**Problem description**
Beginning with the line where "Definition coefs_hq gam" occurs, transcribe every line exactly through the last line of the listing below, and no others.

------------------------------------------------------------------------

Lemma peval_padd l m b : peval (padd l m) b = peval l b + peval m b.
Proof.
  revert m; induction l as [|a l IH]; intros [|c m]; simpl; try rewrite IH; ring.
Qed.

Lemma peval_pscal a l b : peval (pscal a l) b = a * peval l b.
Proof. induction l as [|x l IH]; simpl; [|rewrite IH]; ring. Qed.

Lemma peval_pmul l m b : peval (pmul l m) b = peval l b * peval m b.
Proof.
  induction l as [|a l IH]; simpl; [ring|].
  rewrite peval_padd, peval_pscal; simpl; rewrite IH; ring.
Qed.

Lemma peval_sum_f_R0 l b :
  peval l b = sum_f_R0 (fun k => nth k l 0 * b ^ k) (length l).
Proof.
  induction l as [|a l IH]; [simpl; ring|].
  change (a + b * peval l b = sum_f_R0 (fun k => nth k (a :: l) 0 * b ^ k) (S (length l))).
  rewrite decomp_sum by lia; simpl pred.
  rewrite IH, scal_sum. f_equal; [simpl; ring|].
  apply sum_eq; intros i _; simpl; ring.
Qed.

Lemma is_O_b3_peval (F : R -> R) l :
  (forall b, F b = peval l b) ->
  nth 0 l 0 = 0 -> nth 1 l 0 = 0 -> nth 2 l 0 = 0 -> is_O_b3 F.
Proof.
  intros HF h0 h1 h2.
  destruct l as [|a0 [|a1 [|a2 l]]]; simpl in h0, h1, h2; subst.
  1-3: exists 0%nat, (fun _ => 0); intros b; rewrite HF; simpl; ring.
  exists (length l), (fun k => nth k l 0); intros b.
  rewrite HF, <- peval_sum_f_R0; simpl; ring.
Qed.

(** * Derivatives along the profile *)

Ltac rewrite_Derive H :=
  match type of H with
  | is_derive ?f ?x ?l =>
      replace (Derive (fun y : R => f y) x) with l
        by (symmetry; apply is_derive_unique; exact H)
  end.

(* The coefficients in b of a + b (m c) + b^2 (u + v c2), where c and c2 stand
   for cos q and cos 2q or for their q-derivatives. *)
Definition expansion (a m u v c c2 : R) : list R := [a; c * m; u + c2 * v].

Lemma peval_expansion a m u v c c2 b :
  peval (expansion a m u v c c2) b = a + b * (c * m) + b ^ 2 * (u + c2 * v).
Proof. simpl; ring. Qed.

Lemma is_derive_expansion (a m u v : R -> R) a' m' u' v' c c2 b p :
  is_derive a p a' -> is_derive m p m' -> is_derive u p u' -> is_derive v p v' ->
  is_derive (fun y => peval (expansion (a y) (m y) (u y) (v y) c c2) b) p
    (peval (expansion a' m' u' v' c c2) b).
Proof.
  intros Ha Hm Hu Hv.
  apply is_derive_ext with (fun y => a y + b * (c * m y) + b ^ 2 * (u y + c2 * v y)).
  { intros y; symmetry; apply peval_expansion. }
  rewrite peval_expansion.
  auto_derive.
  - repeat split; eexists; eassumption.
  - rewrite_Derive Ha; rewrite_Derive Hm; rewrite_Derive Hu; rewrite_Derive Hv; ring.
Qed.

Lemma is_derive_expansion_cos a m u v b q :
  is_derive (fun y => peval (expansion a m u v (cos y) (cos (2 * y))) b) q
    (peval (expansion 0 m 0 v (- sin q) (-2 * sin (2 * q))) b).
Proof. rewrite peval_expansion; simpl; auto_derive; [exact I | ring]. Qed.

Lemma is_derive_expansion_sin m v b q :
  is_derive (fun y => peval (expansion 0 m 0 v (- sin y) (-2 * sin (2 * y))) b) q
    (peval (expansion 0 m 0 v (- cos q) (-4 * cos (2 * q))) b).
Proof. simpl; auto_derive; [exact I | ring]. Qed.

(* sinh and cosh through E = exp x, so that [field] can treat E as an indeterminate. *)
Definition sh (E : R) : R := (E - / E) / 2.
Definition ch (E : R) : R := (E + / E) / 2.

Lemma sinh_sh x : sinh x = sh (exp x).
Proof. unfold sinh, sh; now rewrite exp_Ropp. Qed.

Lemma exp_double x : exp (2 * x) = exp x * exp x.
Proof. now rewrite <- exp_plus; replace (x + x) with (2 * x) by ring. Qed.

Lemma sinh_double_sh x : sinh (2 * x) = sh (exp x * exp x).
Proof. now rewrite sinh_sh, exp_double. Qed.

Lemma cosh_double_ch x : cosh (2 * x) = ch (exp x * exp x).
Proof. unfold cosh, ch; now rewrite exp_Ropp, exp_double. Qed.

(* m = R0 cos q * mode1 and u = R0^2 (mode0 + cos 2q * mode2); the primes are
   derivatives along the profile r' = -gam/r, H' = 1/r, E' = E/r. *)
Definition mode1 (r E : R) : R := sh E / r.
Definition mode1' (gam r E : R) : R := ch E / r ^ 2 + gam * sh E / r ^ 3.
Definition mode1'' (gam r E : R) : R :=
  sh E / r ^ 3 + 3 * gam * ch E / r ^ 4 + 3 * gam ^ 2 * sh E / r ^ 5.

Definition wtail (gam r E : R) : R :=
  - gam * (1 - ch (E * E)) / (8 * r ^ 3) + sh (E * E) / (4 * r ^ 2).
Definition wtail' (gam r E : R) : R :=
  gam / 8 * (2 * sh (E * E) / r ^ 4 + 3 * gam * (ch (E * E) - 1) / r ^ 5)
  + 1 / 4 * (2 * ch (E * E) / r ^ 3 + 2 * gam * sh (E * E) / r ^ 4).
Definition wtail'' (gam r E : R) : R :=
  gam / 8 * (4 * ch (E * E) / r ^ 5 + 14 * gam * sh (E * E) / r ^ 6
             + 15 * gam ^ 2 * (ch (E * E) - 1) / r ^ 7)
  + 1 / 4 * (4 * sh (E * E) / r ^ 4 + 10 * gam * ch (E * E) / r ^ 5
             + 8 * gam ^ 2 * sh (E * E) / r ^ 6).

Definition mode0 (gam C0 r H E : R) : R := C0 * H / r + wtail gam r E.
Definition mode0' (gam C0 r H E : R) : R :=
  C0 * (1 / r ^ 2 + gam * H / r ^ 3) + wtail' gam r E.
Definition mode0'' (gam C0 r H E : R) : R :=
  C0 * (3 * gam / r ^ 4 + 3 * gam ^ 2 * H / r ^ 5) + wtail'' gam r E.

Definition mode2 (gam C2 r E : R) : R := C2 * sh (E * E) / r + wtail gam r E.
Definition mode2' (gam C2 r E : R) : R :=
  C2 * (2 * ch (E * E) / r ^ 2 + gam * sh (E * E) / r ^ 3) + wtail' gam r E.
Definition mode2'' (gam C2 r E : R) : R :=
  C2 * (4 * sh (E * E) / r ^ 3 + 6 * gam * ch (E * E) / r ^ 4
        + 3 * gam ^ 2 * sh (E * E) / r ^ 5) + wtail'' gam r E.

Definition coefs_h gam R0 C0 C2 c c2 r H E : list R :=
  expansion H (R0 * mode1 r E) (R0 ^ 2 * mode0 gam C0 r H E) (R0 ^ 2 * mode2 gam C2 r E) c c2.
Definition coefs_hp gam R0 C0 C2 c c2 r H E : list R :=
  expansion (/ r) (R0 * mode1' gam r E) (R0 ^ 2 * mode0' gam C0 r H E)
    (R0 ^ 2 * mode2' gam C2 r E) c c2.
Definition coefs_hpp gam R0 C0 C2 c c2 r H E : list R :=
  expansion (gam / r ^ 3) (R0 * mode1'' gam r E) (R0 ^ 2 * mode0'' gam C0 r H E)
    (R0 ^ 2 * mode2'' gam C2 r E) c c2.
Definition coefs_hq gam R0 C2 s s2 r E : list R :=
  expansion 0 (R0 * mode1 r E) 0 (R0 ^ 2 * mode2 gam C2 r E) (- s) (-2 * s2).
Definition coefs_hqq gam R0 C2 c c2 r E : list R :=
  expansion 0 (R0 * mode1 r E) 0 (R0 ^ 2 * mode2 gam C2 r E) (- c) (-4 * c2).
Definition coefs_hpq gam R0 C2 s s2 r E : list R :=
  expansion 0 (R0 * mode1' gam r E) 0 (R0 ^ 2 * mode2' gam C2 r E) (- s) (-2 * s2).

------------------------------------------------------------------------

**Exercise response**
Definition coefs_hq gam R0 C2 s s2 r E : list R :=
  expansion 0 (R0 * mode1 r E) 0 (R0 ^ 2 * mode2 gam C2 r E) (- s) (-2 * s2).
Definition coefs_hqq gam R0 C2 c c2 r E : list R :=
  expansion 0 (R0 * mode1 r E) 0 (R0 ^ 2 * mode2 gam C2 r E) (- c) (-4 * c2).
Definition coefs_hpq gam R0 C2 s s2 r E : list R :=
  expansion 0 (R0 * mode1' gam r E) 0 (R0 ^ 2 * mode2' gam C2 r E) (- s) (-2 * s2).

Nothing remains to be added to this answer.